Lemma ghat_max_sqr_ge (p : setpair m1 m2) :
  (forall q : setpair m1 m2, `|ghat (R := R) g q.1 q.2| <= `|ghat g p.1 p.2|) ->
  1 <= 2 ^+ (m1 + m2) * `|ghat (R := R) g p.1 p.2| ^+ 2.
Proof.
move=> p_max; rewrite -[X in X <= _](parseval R g).
apply: le_trans (_ : _ <= \sum_(q : setpair m1 m2) `|ghat (R := R) g p.1 p.2| ^+ 2) _.
  apply: ler_sum => q _; rewrite -real_normK ?num_real //.
  by rewrite lerXn2r ?nnegrE ?normr_ge0.
by rewrite sumr_const card_setpair -(mulr_natl _ (2 ^ (m1 + m2))) natrX.
Qed.

Lemma ghat_max_gt0 (p : setpair m1 m2) :
  (forall q : setpair m1 m2, `|ghat (R := R) g q.1 q.2| <= `|ghat g p.1 p.2|) ->
  0 < `|ghat (R := R) g p.1 p.2|.
Proof.
move=> p_max; rewrite lt_def normr_ge0 andbT.
apply: contraTN (ghat_max_sqr_ge p_max) => /eqP ->.
by rewrite expr0n mulr0 ler10.
Qed.

End GadgetSpectrum.

Definition gblocks m1 m2 n (g : gadget m1 m2) (x : blocks n m1) (y : blocks n m2)
  : cube n := [ffun i => g (x i) (y i)].

Lemma gblocks_eqE m1 m2 n (g : gadget m1 m2) (x : blocks n m1) (y : blocks n m2)
    (z : cube n) :
  [forall i, g (x i) (y i) == z i] = (gblocks g x y == z).
Proof.
apply/forallP/eqP => [eq_gz | <- i]; last by rewrite ffunE.
by apply/ffunP => i; rewrite ffunE; apply/eqP.
Qed.

Section Fibers.
Variables (R : numFieldType) (m1 m2 n : nat) (g : gadget m1 m2).
Hypothesis g_balanced : ghat (R := R) g set0 set0 = 0.

Lemma sum_gadget_eq (c : bool) :
  \sum_(a : cube m1) \sum_(b : cube m2) (g a b == c)%:R = 2 ^+ (m1 + m2) / 2 :> R.
Proof.
transitivity (\sum_(a : cube m1) \sum_(b : cube m2)
    (2^-1 + pm c / 2 * (pm (g a b) * chi R set0 a * chi R set0 b)) : R).
  by apply: eq_bigr => a _; apply: eq_bigr => b _; rewrite eqb_pm !chi_set0; field.
under eq_bigr => a _ do rewrite big_split -mulr_sumr /=.
rewrite big_split -mulr_sumr /= sum_gadget_chi g_balanced !mulr0 addr0.
by rewrite !sumr_const !card_cube -mulrnA -(mulr_natl _ (_ * _)) natrM !natrX exprD; field.
Qed.

Lemma card_fiber (z : cube n) :
  #|[set xy : blocks n m1 * blocks n m2 | [forall i, g (xy.1 i) (xy.2 i) == z i]]|%:R
  = (2 ^+ (m1 + m2) / 2) ^+ n :> R.
Proof.
transitivity (\sum_(x : blocks n m1) \sum_(y : blocks n m2)
    \prod_i ((g (x i) (y i) == z i)%:R : R)).
  rewrite -sum1_card natr_sum big_mkcond pair_bigA /=.
  by apply: eq_bigr => -[x y] _; rewrite inE -natr_forall; case: ifP.
rewrite (sum_ffun2_prod (fun i a b => ((g a b == z i)%:R : R))).
by under eq_bigr => i _ do rewrite sum_gadget_eq; rewrite prodr_const card_ord.
Qed.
================
Goal of the exercise → When you answer, output all of the material exactly as it appears above.

Exercise response →
Lemma ghat_max_sqr_ge (p : setpair m1 m2) :
  (forall q : setpair m1 m2, `|ghat (R := R) g q.1 q.2| <= `|ghat g p.1 p.2|) ->
  1 <= 2 ^+ (m1 + m2) * `|ghat (R := R) g p.1 p.2| ^+ 2.
Proof.
move=> p_max; rewrite -[X in X <= _](parseval R g).
apply: le_trans (_ : _ <= \sum_(q : setpair m1 m2) `|ghat (R := R) g p.1 p.2| ^+ 2) _.
  apply: ler_sum => q _; rewrite -real_normK ?num_real //.
  by rewrite lerXn2r ?nnegrE ?normr_ge0.
by rewrite sumr_const card_setpair -(mulr_natl _ (2 ^ (m1 + m2))) natrX.
Qed.

Lemma ghat_max_gt0 (p : setpair m1 m2) :
  (forall q : setpair m1 m2, `|ghat (R := R) g q.1 q.2| <= `|ghat g p.1 p.2|) ->
  0 < `|ghat (R := R) g p.1 p.2|.
Proof.
move=> p_max; rewrite lt_def normr_ge0 andbT.
apply: contraTN (ghat_max_sqr_ge p_max) => /eqP ->.
by rewrite expr0n mulr0 ler10.
Qed.

End GadgetSpectrum.

Definition gblocks m1 m2 n (g : gadget m1 m2) (x : blocks n m1) (y : blocks n m2)
  : cube n := [ffun i => g (x i) (y i)].

Lemma gblocks_eqE m1 m2 n (g : gadget m1 m2) (x : blocks n m1) (y : blocks n m2)
    (z : cube n) :
  [forall i, g (x i) (y i) == z i] = (gblocks g x y == z).
Proof.
apply/forallP/eqP => [eq_gz | <- i]; last by rewrite ffunE.
by apply/ffunP => i; rewrite ffunE; apply/eqP.
Qed.

Section Fibers.
Variables (R : numFieldType) (m1 m2 n : nat) (g : gadget m1 m2).
Hypothesis g_balanced : ghat (R := R) g set0 set0 = 0.

Lemma sum_gadget_eq (c : bool) :
  \sum_(a : cube m1) \sum_(b : cube m2) (g a b == c)%:R = 2 ^+ (m1 + m2) / 2 :> R.
Proof.
transitivity (\sum_(a : cube m1) \sum_(b : cube m2)
    (2^-1 + pm c / 2 * (pm (g a b) * chi R set0 a * chi R set0 b)) : R).
  by apply: eq_bigr => a _; apply: eq_bigr => b _; rewrite eqb_pm !chi_set0; field.
under eq_bigr => a _ do rewrite big_split -mulr_sumr /=.
rewrite big_split -mulr_sumr /= sum_gadget_chi g_balanced !mulr0 addr0.
by rewrite !sumr_const !card_cube -mulrnA -(mulr_natl _ (_ * _)) natrM !natrX exprD; field.
Qed.

Lemma card_fiber (z : cube n) :
  #|[set xy : blocks n m1 * blocks n m2 | [forall i, g (xy.1 i) (xy.2 i) == z i]]|%:R
  = (2 ^+ (m1 + m2) / 2) ^+ n :> R.
Proof.
transitivity (\sum_(x : blocks n m1) \sum_(y : blocks n m2)
    \prod_i ((g (x i) (y i) == z i)%:R : R)).
  rewrite -sum1_card natr_sum big_mkcond pair_bigA /=.
  by apply: eq_bigr => -[x y] _; rewrite inE -natr_forall; case: ifP.
rewrite (sum_ffun2_prod (fun i a b => ((g a b == z i)%:R : R))).
by under eq_bigr => i _ do rewrite sum_gadget_eq; rewrite prodr_const card_ord.
Qed.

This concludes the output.